**Task item**
Could you reproduce, word for word, everything below from the line containing "exists (m : nat)" down to the line containing "Definition dim_ge N", with both of those lines included and no others?

**Provided data**
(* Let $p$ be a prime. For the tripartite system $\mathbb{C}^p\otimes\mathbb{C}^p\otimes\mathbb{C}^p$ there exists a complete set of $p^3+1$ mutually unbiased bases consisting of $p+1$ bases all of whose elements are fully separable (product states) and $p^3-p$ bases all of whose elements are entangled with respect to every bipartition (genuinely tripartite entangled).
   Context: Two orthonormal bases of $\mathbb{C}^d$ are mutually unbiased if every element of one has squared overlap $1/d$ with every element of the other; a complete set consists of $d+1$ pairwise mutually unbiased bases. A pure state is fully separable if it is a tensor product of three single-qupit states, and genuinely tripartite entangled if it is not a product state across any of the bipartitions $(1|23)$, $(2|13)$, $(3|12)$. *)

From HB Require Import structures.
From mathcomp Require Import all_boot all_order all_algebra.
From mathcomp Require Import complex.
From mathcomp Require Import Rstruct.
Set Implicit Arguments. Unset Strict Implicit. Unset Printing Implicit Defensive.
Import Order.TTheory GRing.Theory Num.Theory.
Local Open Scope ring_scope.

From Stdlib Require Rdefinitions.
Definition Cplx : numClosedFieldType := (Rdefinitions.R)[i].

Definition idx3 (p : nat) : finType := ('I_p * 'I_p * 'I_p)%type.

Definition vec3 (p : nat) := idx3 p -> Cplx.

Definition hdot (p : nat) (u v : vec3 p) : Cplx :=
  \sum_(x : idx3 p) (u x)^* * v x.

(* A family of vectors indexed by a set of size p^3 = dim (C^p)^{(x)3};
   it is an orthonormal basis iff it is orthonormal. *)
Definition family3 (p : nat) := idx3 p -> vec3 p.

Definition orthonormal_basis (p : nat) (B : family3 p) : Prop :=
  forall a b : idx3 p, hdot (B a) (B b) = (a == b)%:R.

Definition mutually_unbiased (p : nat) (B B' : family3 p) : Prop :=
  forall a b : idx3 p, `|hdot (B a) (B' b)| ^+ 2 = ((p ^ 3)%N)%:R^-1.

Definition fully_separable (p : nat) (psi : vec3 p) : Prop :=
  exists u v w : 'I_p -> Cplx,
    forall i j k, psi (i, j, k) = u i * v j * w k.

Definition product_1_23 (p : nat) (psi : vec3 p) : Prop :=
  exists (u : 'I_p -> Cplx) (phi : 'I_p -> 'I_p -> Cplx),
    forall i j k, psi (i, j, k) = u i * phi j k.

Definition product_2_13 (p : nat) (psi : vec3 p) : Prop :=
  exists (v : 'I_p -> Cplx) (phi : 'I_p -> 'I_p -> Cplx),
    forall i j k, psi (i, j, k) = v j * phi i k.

...

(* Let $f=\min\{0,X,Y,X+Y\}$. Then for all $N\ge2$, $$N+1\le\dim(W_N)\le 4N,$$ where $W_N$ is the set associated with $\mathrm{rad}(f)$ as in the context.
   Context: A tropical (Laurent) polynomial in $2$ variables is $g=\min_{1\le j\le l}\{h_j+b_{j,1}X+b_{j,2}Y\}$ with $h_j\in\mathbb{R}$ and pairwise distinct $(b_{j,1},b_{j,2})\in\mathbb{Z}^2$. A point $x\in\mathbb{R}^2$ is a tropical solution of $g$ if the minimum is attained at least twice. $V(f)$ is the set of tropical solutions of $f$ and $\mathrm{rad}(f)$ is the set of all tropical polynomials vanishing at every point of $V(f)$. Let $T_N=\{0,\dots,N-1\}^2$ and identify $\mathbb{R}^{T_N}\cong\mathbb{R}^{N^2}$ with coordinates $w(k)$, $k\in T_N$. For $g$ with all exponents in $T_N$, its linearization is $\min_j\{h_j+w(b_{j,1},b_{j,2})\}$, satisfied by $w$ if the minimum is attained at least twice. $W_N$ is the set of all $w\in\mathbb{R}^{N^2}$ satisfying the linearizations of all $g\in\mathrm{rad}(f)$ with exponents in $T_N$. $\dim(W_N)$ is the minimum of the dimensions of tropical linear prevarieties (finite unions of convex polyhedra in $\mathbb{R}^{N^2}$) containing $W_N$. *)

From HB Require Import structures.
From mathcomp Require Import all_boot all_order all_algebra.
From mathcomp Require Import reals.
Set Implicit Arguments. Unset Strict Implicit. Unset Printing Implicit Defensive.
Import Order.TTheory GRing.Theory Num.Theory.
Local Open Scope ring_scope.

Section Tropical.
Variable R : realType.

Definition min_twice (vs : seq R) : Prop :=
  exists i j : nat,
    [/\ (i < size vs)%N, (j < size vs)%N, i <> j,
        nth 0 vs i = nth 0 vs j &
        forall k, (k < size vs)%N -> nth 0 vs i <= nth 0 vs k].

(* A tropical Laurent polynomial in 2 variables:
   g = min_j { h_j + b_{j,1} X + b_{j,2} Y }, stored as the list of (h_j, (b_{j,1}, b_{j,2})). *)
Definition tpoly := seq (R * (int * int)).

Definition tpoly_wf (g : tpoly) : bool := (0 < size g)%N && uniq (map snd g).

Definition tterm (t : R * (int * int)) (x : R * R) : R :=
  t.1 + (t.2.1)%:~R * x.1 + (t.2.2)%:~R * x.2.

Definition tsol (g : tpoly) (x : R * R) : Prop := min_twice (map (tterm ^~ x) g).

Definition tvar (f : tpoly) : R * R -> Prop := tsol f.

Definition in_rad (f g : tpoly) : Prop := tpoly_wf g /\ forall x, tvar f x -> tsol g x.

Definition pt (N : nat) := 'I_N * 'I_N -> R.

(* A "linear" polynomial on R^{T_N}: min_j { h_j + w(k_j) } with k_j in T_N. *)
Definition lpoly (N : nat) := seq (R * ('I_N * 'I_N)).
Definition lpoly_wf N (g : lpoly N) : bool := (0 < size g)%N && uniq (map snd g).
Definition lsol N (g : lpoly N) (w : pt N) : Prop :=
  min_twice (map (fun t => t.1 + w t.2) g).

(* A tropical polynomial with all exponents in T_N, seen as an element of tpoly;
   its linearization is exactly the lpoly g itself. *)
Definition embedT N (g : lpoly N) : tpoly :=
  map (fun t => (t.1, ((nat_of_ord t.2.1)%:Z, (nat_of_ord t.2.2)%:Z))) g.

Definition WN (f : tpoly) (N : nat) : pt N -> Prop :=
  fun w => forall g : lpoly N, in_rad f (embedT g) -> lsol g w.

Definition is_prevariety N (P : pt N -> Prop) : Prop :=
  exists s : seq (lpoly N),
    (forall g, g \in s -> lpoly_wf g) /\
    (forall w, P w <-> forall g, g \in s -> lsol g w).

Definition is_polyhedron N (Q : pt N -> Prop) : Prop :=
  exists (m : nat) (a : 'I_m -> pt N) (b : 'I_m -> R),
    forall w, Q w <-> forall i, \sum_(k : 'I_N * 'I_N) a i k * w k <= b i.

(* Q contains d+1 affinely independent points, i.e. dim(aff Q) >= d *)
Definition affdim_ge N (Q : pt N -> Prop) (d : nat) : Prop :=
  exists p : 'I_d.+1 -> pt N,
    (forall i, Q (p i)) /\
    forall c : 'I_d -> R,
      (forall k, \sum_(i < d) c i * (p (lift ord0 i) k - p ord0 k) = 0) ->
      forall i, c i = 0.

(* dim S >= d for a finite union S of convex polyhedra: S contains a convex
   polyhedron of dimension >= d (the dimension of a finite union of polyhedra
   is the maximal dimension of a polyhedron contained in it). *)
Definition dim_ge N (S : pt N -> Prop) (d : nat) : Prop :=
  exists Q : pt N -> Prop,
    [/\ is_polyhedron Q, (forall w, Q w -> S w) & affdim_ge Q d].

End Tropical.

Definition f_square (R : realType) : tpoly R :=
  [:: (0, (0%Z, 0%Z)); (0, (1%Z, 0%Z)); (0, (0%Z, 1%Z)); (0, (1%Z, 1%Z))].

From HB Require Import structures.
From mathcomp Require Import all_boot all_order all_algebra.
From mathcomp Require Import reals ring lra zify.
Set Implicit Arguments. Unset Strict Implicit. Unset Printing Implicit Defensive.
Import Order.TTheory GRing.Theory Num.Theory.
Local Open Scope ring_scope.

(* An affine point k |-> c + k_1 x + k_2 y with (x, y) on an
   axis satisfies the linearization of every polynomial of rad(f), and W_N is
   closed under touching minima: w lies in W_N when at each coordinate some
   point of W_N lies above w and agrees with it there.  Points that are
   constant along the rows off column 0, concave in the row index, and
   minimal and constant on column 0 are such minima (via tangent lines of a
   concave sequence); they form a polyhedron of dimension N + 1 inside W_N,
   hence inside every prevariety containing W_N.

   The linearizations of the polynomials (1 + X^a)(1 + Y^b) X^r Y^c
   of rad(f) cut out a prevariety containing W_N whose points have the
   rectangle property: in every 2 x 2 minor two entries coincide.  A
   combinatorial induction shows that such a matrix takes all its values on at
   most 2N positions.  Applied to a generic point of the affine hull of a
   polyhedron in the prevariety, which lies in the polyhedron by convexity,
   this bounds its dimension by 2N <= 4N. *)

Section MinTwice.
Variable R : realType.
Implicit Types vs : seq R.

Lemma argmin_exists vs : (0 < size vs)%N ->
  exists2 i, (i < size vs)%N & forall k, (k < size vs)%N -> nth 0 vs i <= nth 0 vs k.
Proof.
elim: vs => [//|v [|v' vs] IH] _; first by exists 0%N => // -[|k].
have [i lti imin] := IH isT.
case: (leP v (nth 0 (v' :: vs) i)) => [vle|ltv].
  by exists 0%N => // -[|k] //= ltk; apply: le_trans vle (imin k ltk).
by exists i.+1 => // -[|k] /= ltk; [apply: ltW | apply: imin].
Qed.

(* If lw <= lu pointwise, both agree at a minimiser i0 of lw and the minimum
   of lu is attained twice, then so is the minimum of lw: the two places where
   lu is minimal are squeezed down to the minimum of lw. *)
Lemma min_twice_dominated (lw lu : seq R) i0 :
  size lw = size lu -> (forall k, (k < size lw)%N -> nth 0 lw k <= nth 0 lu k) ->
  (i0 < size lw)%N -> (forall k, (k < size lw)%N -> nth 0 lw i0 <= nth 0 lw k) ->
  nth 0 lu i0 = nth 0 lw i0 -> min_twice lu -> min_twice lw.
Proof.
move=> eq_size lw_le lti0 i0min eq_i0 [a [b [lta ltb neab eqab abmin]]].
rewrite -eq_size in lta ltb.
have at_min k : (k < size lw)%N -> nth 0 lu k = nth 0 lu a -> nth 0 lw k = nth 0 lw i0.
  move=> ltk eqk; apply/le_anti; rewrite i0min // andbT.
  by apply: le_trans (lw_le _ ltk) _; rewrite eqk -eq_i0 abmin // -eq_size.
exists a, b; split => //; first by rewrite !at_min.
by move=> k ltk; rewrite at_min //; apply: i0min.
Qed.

**Solution**
  exists (m : nat) (a : 'I_m -> pt N) (b : 'I_m -> R),
    forall w, Q w <-> forall i, \sum_(k : 'I_N * 'I_N) a i k * w k <= b i.

(* Q contains d+1 affinely independent points, i.e. dim(aff Q) >= d *)
Definition affdim_ge N (Q : pt N -> Prop) (d : nat) : Prop :=
  exists p : 'I_d.+1 -> pt N,
    (forall i, Q (p i)) /\
    forall c : 'I_d -> R,
      (forall k, \sum_(i < d) c i * (p (lift ord0 i) k - p ord0 k) = 0) ->
      forall i, c i = 0.

(* dim S >= d for a finite union S of convex polyhedra: S contains a convex
   polyhedron of dimension >= d (the dimension of a finite union of polyhedra
   is the maximal dimension of a polyhedron contained in it). *)
Definition dim_ge N (S : pt N -> Prop) (d : nat) : Prop :=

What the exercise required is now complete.